(* Let $\Pi = R_{gen} \cup R_{pref}$ be a fuzzy answer set optimization program, $\Pi^e = R^e_{gen} \cup R^e_{pref}$ be the fuzzy answer set program translation of $\Pi$, $r$ be a fuzzy preference rule in $R_{pref}$, $C_i$ be a boolean combination in the head of $r$, $I$ be a fuzzy answer set of $\Pi$, and $I'$ be a fuzzy answer set of $\Pi^e$ that corresponds to $I$. Then, (1) $I \models_{i} r$ iff $I' \models sat(r, i):1$; (2) $I \models_{irr} r$ iff $I' \models sat(r, irr):1$.
   Context: A fuzzy annotated literal is $l:\mu$ with $l$ a literal (atom or classically negated atom) and $\mu$ a fuzzy annotation in $[0,1]$. A fuzzy answer set optimization program is $\Pi = R_{gen} \cup R_{pref}$, where $R_{gen}$ is a set of fuzzy logic rules under fuzzy answer set semantics (the generator rules) and $R_{pref}$ is a set of fuzzy preference rules, each of the form $r:\; C_1 \succ C_2 \succ \ldots \succ C_k \leftarrow l_{k+1}:\mu_{k+1},\ldots, l_m:\mu_m, not\; l_{m+1}:\mu_{m+1},\ldots, not\;l_n:\mu_n$, where $body(r)$ is the right-hand side and each $C_i$ is a boolean combination (built with $\wedge$, $\vee$, and $not$ applied only to fuzzy annotated literals), written in generalized fuzzy annotated DNF $C_i = (s_{1,1}:\mu_{1,1} \land \ldots \land s_{1,t_1}:\mu_{1,t_1}) \vee \ldots \vee (s_{u,1}:\mu_{u,1} \land \ldots \land s_{u,t_u}:\mu_{u,t_u})$, each $s_{v,w}:\mu_{v,w}$ a fuzzy annotated literal possibly preceded by $not$. Satisfaction by a (possibly partial) fuzzy answer set $I$: $I \models l:\mu$ iff $\mu \leq I(l)$; $I \models not\; l:\mu$ iff $\mu \nleq I(l)$ or $l$ is undefined in $I$; $I \models C \wedge C'$ iff both hold; $I \models C \vee C'$ iff either holds; $I \models body(r)$ iff $I$ satisfies every (possibly $not$-preceded) annotated literal in the body. Then $I \models_i r$ iff $I \models body(r)$ and $I \models C_i$; $I \models_{irr} r$ iff either $I \models body(r)$ and $I$ satisfies no $C_i$ in $head(r)$, or $I$ does not satisfy $body(r)$. The translation $\Pi^e$: $R^e_{gen} = R_{gen}$, and $R^e_{pref}$ consists of the following extended fuzzy logic rules (single annotated literal in the head; answer sets may be partial mappings), with $sat(r,i)$ a predicate meaning $C_i$ of $r$ is satisfied: for each $r \in R_{pref}$, $body(r):1 \leftarrow l_{k+1}:\mu_{k+1},\ldots, l_m:\mu_m, not\; l_{m+1}:\mu_{m+1},\ldots, not\;l_n:\mu_n$; for each $C_i$ in $head(r)$ and each disjunct $v$ ($1\le v\le u$), $sat(r,i):1 \leftarrow s_{v,1}:\mu_{v,1},\ldots, s_{v,t_v}:\mu_{v,t_v}, body(r):1$; and for each $r$, $sat(r,irr):1 \leftarrow not\; body(r):1$ and $sat(r,irr):1 \leftarrow not\; sat(r,1):1,\ldots, not\; sat(r,k):1, body(r):1$. The fuzzy answer sets of $\Pi$ are in one-to-one correspondence with those of $\Pi^e$. *)

From Stdlib Require Import Reals List.
Import ListNotations.
Open Scope R_scope.

(** Literals: an atom or a classically negated atom. *)
Inductive lit (A : Type) : Type :=
| Pos (a : A)
| Neg (a : A).
Arguments Pos {A} a.
Arguments Neg {A} a.
Lemma sum_subsets_prod (I : finType) (S : {set I}) (f g : I -> K) :
  \sum_(A : {set I} | A \subset S) \prod_i (if i \in A then g i else f i) =
  \prod_i (if i \in S then f i + g i else f i).
Proof.
transitivity (\prod_i ((if i \in S then g i else 0) + f i)); last first.
  by apply: eq_bigr => i _; case: (i \in S); rewrite ?add0r // addrC.
rewrite bigA_distr big_mkcond /=; apply: eq_bigr => A _.
case: ifP => [/fintype.subsetP AS | /negbT /fintype.subsetPn [i iA iNS]].
  by apply: eq_bigr => i _; case: ifP => // /AS ->.
by rewrite (bigD1 i) //= iA (negbTE iNS) mul0r.
Qed.

Lemma mulr_sum4 (I : finType) (f g h q : I -> K) :
  (\sum_i f i) * (\sum_i g i) * (\sum_i h i) * (\sum_i q i) =
  \sum_i1 \sum_i2 \sum_i3 \sum_i4 f i1 * g i2 * h i3 * q i4.
Proof.
rewrite !mulr_suml; apply: eq_bigr => i1 _.
rewrite [f i1 * _]mulr_sumr !mulr_suml; apply: eq_bigr => i2 _.
rewrite [f i1 * g i2 * _]mulr_sumr !mulr_suml; apply: eq_bigr => i3 _.
by rewrite mulr_sumr.
Qed.

Lemma prod_if1 (I : finType) (S : {set I}) (c : K) :
  \prod_i (if i \in S then 1 else c) = c ^+ #|~: S|.
Proof.
rewrite -prodr_const [RHS]big_mkcond; apply: eq_bigr => i _.
by rewrite finset.in_setC; case: (i \in S).
Qed.

End BigOps.

Section Restrict.
Variable n : nat.
Local Notation merge := Defs.merge.

Definition restrict (A : {set 'I_n}) (x : bits n) : bits n :=
  [ffun i => (i \in A) && x i].

Lemma merge_restrict (A : {set 'I_n}) (u v : bits n) :
  merge A (restrict A u) (restrict (~: A) v) = merge A u v.
Proof. by apply/ffunP => i; rewrite !ffunE finset.in_setC; case: (i \in A). Qed.

Lemma mergexx (A : {set 'I_n}) (u : bits n) : merge A u u = u.
Proof. by apply/ffunP => i; rewrite !ffunE; case: (i \in A). Qed.

Lemma merge0 (u v : bits n) : merge finset.set0 u v = v.
Proof. by apply/ffunP => i; rewrite !ffunE finset.in_set0. Qed.

Lemma sum_supp_split (K : nmodType) (A : {set 'I_n}) (F : bits n -> bits n -> K) :
  \sum_(a | supp_in A a) \sum_(c | supp_in (~: A) c) F a c =
  \sum_(x : bits n) F (restrict A x) (restrict (~: A) x).
Proof.
rewrite pair_big /= (reindex (fun x => (restrict A x, restrict (~: A) x))) /=.
  apply: eq_bigl => x; apply/andP; split; apply/forallP => i; apply/implyP;
  by rewrite ffunE => /negbTE ->.
exists (fun p : bits n * bits n => merge A p.1 p.2) => [x _|[a c]].
  by rewrite /= merge_restrict mergexx.
rewrite inE /= => /andP [/forallP a_supp /forallP c_supp].
congr (_, _); apply/ffunP => i; rewrite !ffunE ?finset.in_setC;
  case: (boolP (i \in A)) => //= iA.
- by have := a_supp i; rewrite iA /=; case: (a i).
- by have := c_supp i; rewrite finset.in_setC iA /=; case: (c i).
Qed.

End Restrict.

Section ComplexParts.
Variable R : realType.
Local Notation C := R[i].

Lemma sqnormE (x : C) : (sqnorm x)%:C%C = x * x^*.
Proof.
case: x => a b; rewrite /sqnorm /=; apply/eqP; rewrite eq_complex /=.
by apply/andP; split; apply/eqP; ring.
Qed.

Lemma Re_add (x y : C) : complex.Re (x + y) = complex.Re x + complex.Re y.
Proof. by case: x; case: y. Qed.

Lemma Im_add (x y : C) : complex.Im (x + y) = complex.Im x + complex.Im y.
Proof. by case: x; case: y. Qed.

Lemma Re_mul (x y : C) :
  complex.Re (x * y) = complex.Re x * complex.Re y - complex.Im x * complex.Im y.
Proof. by case: x; case: y. Qed.

Lemma Im_mul (x y : C) :
  complex.Im (x * y) = complex.Re x * complex.Im y + complex.Im x * complex.Re y.
Proof. by case: x => a b; case: y => c e /=; rewrite addrC. Qed.

End ComplexParts.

---------------

**WORK ORDER**
In the listing above, locate the line with "h i3 * q i4." and the line with "Definition restrict (A", then extract exactly those lines and every line between them, and nothing more.

**TASK RESPONSE**
  \sum_i1 \sum_i2 \sum_i3 \sum_i4 f i1 * g i2 * h i3 * q i4.
Proof.
rewrite !mulr_suml; apply: eq_bigr => i1 _.
rewrite [f i1 * _]mulr_sumr !mulr_suml; apply: eq_bigr => i2 _.
rewrite [f i1 * g i2 * _]mulr_sumr !mulr_suml; apply: eq_bigr => i3 _.
by rewrite mulr_sumr.
Qed.

Lemma prod_if1 (I : finType) (S : {set I}) (c : K) :
  \prod_i (if i \in S then 1 else c) = c ^+ #|~: S|.
Proof.
rewrite -prodr_const [RHS]big_mkcond; apply: eq_bigr => i _.
by rewrite finset.in_setC; case: (i \in S).
Qed.

End BigOps.

Section Restrict.
Variable n : nat.
Local Notation merge := Defs.merge.

Definition restrict (A : {set 'I_n}) (x : bits n) : bits n :=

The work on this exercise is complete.